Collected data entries
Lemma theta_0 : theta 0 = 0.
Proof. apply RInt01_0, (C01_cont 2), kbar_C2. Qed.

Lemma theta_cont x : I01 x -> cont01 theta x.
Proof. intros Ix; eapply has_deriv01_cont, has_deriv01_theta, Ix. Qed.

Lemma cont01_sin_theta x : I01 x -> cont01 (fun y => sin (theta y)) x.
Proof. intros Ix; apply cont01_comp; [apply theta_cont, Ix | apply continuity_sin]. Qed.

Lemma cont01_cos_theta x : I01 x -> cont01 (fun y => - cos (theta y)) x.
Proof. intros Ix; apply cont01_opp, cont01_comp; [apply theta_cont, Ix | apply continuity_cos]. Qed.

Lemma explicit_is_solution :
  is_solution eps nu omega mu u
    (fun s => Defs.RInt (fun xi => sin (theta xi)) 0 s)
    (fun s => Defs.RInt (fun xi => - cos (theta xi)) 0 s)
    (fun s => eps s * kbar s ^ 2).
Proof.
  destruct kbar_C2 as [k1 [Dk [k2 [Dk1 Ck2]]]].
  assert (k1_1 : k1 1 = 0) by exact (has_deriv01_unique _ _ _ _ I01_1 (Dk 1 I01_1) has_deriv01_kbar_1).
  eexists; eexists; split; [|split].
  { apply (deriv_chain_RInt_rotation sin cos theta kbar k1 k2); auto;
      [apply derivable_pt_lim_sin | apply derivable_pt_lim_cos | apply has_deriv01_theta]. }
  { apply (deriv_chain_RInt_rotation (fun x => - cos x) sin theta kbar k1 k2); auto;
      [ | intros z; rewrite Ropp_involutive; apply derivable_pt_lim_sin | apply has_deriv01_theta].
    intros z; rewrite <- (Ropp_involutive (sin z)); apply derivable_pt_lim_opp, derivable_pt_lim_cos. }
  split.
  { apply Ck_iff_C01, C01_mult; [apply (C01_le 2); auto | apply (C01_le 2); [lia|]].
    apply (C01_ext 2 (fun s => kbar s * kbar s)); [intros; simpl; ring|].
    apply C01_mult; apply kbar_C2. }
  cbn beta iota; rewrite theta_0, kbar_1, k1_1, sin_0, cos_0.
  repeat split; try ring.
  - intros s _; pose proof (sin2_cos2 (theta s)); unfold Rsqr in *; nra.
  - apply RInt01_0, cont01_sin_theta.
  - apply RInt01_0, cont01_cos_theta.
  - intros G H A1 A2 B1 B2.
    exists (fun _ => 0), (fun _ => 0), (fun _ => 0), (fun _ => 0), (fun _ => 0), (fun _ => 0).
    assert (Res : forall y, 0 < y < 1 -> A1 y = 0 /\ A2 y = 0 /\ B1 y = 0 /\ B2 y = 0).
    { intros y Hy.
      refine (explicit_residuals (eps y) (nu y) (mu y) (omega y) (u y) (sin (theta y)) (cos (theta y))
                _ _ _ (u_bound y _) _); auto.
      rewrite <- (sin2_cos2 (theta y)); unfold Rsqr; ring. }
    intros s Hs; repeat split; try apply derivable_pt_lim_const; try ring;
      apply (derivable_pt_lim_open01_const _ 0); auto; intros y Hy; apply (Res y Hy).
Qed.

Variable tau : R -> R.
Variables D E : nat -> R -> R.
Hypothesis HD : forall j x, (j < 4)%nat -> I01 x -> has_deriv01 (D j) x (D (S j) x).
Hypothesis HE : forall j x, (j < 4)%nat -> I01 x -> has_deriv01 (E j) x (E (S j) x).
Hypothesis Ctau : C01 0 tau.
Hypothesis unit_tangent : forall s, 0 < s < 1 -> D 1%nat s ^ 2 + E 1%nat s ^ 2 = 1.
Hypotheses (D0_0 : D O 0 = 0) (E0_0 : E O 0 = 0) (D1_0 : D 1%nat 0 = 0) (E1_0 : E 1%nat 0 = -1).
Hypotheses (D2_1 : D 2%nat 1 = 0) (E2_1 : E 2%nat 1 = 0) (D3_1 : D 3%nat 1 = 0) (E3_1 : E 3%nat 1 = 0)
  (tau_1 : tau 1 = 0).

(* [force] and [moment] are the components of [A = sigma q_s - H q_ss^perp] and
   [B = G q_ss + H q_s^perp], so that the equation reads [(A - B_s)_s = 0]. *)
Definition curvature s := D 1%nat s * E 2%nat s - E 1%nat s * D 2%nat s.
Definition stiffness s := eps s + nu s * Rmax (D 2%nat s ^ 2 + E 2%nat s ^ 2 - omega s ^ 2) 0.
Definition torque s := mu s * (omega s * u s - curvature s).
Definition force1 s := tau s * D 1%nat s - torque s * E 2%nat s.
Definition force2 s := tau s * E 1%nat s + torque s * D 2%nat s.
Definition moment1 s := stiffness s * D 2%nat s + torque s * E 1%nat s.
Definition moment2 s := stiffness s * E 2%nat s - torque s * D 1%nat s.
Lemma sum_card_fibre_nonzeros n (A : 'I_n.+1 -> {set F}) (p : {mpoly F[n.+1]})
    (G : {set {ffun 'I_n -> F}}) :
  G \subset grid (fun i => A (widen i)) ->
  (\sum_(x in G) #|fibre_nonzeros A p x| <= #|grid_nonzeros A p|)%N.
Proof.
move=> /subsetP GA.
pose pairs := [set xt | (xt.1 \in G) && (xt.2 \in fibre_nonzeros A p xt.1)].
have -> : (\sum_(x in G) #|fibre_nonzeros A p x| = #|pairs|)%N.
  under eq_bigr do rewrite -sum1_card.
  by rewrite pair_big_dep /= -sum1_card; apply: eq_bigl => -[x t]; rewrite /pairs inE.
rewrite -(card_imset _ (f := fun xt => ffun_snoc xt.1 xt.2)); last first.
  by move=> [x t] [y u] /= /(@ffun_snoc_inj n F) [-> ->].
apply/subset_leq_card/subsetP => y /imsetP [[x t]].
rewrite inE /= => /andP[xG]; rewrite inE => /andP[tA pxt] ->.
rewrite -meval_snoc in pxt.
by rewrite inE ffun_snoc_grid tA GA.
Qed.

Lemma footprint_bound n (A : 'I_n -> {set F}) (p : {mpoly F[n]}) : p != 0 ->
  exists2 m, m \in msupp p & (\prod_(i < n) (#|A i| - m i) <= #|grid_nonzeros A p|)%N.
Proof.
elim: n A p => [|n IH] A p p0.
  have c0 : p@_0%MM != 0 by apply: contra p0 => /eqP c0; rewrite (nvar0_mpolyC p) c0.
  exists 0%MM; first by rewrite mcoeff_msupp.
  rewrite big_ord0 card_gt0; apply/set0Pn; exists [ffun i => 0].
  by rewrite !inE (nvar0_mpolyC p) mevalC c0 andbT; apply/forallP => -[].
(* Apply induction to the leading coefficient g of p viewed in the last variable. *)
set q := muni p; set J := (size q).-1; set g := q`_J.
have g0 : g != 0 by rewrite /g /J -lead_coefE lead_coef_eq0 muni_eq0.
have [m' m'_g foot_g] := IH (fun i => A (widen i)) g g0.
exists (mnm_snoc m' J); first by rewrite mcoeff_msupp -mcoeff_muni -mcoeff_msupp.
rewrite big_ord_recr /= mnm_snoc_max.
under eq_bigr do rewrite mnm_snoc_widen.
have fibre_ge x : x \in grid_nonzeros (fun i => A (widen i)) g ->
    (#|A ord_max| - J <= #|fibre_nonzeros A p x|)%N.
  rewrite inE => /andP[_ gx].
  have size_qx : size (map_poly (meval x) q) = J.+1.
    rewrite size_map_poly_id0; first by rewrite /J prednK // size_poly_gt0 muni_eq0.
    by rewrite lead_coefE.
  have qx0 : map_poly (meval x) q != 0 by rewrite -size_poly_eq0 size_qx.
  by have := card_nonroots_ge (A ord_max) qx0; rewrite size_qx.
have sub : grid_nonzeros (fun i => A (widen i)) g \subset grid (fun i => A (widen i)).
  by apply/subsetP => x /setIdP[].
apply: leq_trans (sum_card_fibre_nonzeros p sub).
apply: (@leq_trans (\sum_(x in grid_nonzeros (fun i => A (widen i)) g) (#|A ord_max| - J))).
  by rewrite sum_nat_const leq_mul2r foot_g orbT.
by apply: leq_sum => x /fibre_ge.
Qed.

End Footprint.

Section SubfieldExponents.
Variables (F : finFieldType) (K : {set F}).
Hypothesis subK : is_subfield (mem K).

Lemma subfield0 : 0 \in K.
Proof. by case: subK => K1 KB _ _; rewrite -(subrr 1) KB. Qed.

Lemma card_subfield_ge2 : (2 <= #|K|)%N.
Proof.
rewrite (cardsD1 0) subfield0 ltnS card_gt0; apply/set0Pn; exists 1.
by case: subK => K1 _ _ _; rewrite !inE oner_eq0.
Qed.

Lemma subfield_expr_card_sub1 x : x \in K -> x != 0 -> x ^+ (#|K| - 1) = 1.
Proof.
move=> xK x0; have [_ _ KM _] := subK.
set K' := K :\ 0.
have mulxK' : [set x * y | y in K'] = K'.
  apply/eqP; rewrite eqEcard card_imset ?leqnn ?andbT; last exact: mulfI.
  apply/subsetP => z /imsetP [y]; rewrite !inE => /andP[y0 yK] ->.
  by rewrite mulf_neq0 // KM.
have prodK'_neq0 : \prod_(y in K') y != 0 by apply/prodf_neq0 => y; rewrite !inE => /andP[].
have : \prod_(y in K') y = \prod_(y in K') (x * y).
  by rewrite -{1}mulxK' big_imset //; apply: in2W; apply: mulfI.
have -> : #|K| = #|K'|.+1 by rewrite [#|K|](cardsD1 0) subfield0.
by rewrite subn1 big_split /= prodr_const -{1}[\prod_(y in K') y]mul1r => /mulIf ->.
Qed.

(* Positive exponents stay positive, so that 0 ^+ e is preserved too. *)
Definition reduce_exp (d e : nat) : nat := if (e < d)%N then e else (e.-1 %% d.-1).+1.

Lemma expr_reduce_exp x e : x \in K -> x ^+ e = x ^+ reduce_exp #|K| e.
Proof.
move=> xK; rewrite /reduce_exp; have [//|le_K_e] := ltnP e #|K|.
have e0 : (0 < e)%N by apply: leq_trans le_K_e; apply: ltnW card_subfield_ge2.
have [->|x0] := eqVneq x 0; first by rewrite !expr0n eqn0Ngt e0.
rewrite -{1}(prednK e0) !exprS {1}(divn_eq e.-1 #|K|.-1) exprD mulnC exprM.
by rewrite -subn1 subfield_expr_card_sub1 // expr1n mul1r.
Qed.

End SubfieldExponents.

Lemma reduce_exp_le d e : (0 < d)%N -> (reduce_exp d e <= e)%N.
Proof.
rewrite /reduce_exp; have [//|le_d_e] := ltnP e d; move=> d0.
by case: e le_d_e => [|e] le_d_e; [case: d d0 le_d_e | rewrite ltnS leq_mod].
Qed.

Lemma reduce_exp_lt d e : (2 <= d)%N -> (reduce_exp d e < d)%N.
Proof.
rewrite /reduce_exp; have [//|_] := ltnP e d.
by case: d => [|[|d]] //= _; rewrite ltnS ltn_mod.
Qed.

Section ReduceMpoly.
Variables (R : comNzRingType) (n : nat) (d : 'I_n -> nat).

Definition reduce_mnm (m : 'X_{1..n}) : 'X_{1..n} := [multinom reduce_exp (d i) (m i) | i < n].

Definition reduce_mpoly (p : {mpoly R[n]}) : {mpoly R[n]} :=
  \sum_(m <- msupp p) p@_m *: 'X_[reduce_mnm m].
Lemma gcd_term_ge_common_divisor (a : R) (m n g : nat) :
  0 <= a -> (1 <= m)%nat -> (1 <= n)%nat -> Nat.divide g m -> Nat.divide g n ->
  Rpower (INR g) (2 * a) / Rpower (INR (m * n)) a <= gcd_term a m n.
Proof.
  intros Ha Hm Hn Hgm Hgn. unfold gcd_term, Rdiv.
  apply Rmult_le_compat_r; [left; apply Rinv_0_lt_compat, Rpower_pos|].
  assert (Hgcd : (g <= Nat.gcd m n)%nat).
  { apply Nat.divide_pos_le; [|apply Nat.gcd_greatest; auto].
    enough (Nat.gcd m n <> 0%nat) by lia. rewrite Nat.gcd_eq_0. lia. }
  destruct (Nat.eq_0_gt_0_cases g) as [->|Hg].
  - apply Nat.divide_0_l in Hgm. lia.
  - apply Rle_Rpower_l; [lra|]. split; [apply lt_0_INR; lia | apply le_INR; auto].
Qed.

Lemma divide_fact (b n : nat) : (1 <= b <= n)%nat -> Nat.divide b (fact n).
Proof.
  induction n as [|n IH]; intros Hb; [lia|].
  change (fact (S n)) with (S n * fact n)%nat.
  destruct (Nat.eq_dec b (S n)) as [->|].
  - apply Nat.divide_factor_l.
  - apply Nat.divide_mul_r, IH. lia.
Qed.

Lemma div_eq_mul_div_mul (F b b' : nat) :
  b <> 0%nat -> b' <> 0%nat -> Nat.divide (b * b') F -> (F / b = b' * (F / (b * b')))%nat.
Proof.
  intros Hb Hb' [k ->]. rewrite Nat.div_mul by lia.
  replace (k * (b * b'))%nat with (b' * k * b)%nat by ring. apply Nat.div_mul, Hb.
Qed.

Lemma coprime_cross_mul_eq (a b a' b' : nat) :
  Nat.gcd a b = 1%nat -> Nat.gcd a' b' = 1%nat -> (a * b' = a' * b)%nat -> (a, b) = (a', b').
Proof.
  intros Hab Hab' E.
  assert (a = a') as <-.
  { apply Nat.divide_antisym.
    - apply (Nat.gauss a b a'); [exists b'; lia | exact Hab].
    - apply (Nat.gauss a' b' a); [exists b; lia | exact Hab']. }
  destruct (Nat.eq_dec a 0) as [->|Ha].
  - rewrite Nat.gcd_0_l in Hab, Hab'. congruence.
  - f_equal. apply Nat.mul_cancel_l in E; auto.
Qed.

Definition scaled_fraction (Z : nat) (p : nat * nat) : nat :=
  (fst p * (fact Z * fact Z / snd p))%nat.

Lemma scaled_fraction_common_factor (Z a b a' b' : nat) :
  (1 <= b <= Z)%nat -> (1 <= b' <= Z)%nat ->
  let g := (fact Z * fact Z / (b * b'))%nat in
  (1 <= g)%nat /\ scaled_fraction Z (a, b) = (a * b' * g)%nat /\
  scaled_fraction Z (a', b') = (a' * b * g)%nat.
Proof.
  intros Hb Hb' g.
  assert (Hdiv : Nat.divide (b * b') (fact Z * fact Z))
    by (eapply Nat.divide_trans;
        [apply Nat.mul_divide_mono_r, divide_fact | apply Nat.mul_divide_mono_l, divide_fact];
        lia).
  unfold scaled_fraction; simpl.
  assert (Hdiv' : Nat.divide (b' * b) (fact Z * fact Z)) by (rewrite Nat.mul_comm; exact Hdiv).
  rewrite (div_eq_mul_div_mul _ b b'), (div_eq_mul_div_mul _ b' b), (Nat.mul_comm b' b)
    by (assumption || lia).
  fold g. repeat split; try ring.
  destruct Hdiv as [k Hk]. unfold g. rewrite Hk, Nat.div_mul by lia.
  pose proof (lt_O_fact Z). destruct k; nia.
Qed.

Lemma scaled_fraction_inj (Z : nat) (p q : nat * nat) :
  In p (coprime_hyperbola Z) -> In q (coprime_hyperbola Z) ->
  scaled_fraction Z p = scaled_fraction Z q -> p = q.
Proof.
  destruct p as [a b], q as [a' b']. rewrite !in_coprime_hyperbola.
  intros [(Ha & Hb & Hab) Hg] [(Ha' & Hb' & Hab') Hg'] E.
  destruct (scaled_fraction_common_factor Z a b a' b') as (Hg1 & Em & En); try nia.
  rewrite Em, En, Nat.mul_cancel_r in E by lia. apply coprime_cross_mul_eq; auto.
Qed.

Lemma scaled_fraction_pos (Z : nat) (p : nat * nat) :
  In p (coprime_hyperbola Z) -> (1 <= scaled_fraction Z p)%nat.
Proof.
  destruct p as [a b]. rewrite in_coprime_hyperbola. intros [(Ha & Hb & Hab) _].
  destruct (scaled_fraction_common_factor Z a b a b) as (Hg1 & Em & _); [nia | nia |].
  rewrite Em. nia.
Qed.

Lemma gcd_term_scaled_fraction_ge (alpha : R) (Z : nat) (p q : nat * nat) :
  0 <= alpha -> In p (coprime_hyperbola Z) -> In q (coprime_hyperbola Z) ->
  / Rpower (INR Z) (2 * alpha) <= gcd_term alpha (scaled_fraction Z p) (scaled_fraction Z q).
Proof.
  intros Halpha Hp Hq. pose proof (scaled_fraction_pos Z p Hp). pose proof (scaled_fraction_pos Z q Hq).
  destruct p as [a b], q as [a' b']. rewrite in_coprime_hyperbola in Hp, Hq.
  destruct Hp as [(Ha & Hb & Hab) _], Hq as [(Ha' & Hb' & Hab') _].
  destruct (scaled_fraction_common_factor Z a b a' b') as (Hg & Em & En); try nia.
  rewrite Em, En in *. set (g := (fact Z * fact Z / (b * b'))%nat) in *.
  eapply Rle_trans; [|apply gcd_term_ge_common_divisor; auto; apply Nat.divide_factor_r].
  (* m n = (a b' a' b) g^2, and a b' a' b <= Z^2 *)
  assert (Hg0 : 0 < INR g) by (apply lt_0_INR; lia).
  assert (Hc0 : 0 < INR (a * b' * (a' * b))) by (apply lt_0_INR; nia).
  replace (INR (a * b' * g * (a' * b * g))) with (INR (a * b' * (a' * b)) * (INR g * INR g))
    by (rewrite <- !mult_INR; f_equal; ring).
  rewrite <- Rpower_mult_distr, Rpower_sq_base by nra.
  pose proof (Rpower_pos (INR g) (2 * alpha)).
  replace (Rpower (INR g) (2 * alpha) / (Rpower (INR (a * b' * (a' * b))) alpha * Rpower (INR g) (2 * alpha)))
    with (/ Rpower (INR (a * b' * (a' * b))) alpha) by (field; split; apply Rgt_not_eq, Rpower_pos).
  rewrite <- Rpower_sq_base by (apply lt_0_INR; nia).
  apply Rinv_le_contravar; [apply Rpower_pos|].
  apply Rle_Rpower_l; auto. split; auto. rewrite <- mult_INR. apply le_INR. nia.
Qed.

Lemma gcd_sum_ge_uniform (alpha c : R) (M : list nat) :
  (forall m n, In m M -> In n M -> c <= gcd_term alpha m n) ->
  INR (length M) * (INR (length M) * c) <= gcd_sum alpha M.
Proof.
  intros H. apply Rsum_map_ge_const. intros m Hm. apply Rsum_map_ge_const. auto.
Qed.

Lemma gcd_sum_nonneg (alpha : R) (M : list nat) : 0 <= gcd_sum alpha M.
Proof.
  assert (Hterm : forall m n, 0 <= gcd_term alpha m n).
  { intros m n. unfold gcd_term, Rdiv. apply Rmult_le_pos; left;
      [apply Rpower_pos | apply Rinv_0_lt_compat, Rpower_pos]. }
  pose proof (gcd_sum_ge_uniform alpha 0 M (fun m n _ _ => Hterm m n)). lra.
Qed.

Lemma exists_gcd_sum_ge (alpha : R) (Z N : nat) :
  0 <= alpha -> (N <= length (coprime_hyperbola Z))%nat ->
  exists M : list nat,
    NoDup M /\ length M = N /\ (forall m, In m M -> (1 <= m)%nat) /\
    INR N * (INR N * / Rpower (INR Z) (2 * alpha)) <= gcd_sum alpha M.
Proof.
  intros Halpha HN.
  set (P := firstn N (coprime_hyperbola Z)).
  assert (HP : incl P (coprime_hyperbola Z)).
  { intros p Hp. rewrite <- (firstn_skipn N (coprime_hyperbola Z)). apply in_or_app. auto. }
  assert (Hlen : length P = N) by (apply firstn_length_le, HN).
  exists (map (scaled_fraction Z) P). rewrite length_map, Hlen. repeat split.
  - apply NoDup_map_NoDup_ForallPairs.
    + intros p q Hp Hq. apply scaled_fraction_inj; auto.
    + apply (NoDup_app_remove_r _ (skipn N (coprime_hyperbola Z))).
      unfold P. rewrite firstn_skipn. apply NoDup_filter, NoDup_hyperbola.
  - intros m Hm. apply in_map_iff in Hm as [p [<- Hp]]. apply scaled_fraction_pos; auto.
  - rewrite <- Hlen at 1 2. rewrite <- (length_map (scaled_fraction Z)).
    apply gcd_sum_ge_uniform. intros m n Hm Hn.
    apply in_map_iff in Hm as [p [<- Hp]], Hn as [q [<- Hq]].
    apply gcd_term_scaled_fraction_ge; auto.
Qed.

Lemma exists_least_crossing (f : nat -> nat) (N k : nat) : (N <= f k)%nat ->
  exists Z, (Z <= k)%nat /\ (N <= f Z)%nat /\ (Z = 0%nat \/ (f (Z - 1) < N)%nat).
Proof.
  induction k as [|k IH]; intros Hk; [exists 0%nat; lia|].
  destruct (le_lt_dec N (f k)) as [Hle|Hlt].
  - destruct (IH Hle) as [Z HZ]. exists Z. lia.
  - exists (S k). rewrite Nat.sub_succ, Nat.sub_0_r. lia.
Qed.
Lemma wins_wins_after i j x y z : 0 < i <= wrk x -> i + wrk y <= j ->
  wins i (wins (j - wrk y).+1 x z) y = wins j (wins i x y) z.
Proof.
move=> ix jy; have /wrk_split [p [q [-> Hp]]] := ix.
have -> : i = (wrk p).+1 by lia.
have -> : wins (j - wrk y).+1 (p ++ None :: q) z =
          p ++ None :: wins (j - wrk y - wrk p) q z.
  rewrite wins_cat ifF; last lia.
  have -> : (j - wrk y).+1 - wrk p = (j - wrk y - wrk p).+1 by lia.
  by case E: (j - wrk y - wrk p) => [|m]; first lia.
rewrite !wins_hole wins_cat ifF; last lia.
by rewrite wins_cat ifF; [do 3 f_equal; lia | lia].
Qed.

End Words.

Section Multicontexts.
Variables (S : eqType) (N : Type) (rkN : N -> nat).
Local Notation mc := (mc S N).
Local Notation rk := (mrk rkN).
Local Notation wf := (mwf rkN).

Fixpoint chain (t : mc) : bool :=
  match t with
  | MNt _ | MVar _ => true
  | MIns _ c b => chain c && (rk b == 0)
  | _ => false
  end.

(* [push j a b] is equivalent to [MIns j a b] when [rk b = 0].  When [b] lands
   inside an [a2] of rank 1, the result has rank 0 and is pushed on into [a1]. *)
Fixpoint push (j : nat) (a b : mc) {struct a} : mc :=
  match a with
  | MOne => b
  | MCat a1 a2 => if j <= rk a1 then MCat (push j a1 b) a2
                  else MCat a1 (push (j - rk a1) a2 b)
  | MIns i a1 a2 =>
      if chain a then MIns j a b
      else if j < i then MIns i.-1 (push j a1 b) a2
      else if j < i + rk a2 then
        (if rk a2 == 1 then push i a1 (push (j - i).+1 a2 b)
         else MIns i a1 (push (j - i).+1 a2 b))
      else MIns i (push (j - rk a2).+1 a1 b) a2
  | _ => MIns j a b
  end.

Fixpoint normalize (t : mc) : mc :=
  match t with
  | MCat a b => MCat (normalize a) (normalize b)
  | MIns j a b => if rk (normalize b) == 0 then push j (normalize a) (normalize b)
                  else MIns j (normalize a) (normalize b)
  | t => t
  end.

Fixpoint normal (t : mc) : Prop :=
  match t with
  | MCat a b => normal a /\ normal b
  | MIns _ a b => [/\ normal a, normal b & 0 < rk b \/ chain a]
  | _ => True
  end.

◆ **What needs to be done**: Return the entries exactly through the "Lemma cont01_sin_theta x" line.

◆ **Expected answer**:
Lemma theta_0 : theta 0 = 0.
Proof. apply RInt01_0, (C01_cont 2), kbar_C2. Qed.

Lemma theta_cont x : I01 x -> cont01 theta x.
Proof. intros Ix; eapply has_deriv01_cont, has_deriv01_theta, Ix. Qed.

Lemma cont01_sin_theta x : I01 x -> cont01 (fun y => sin (theta y)) x.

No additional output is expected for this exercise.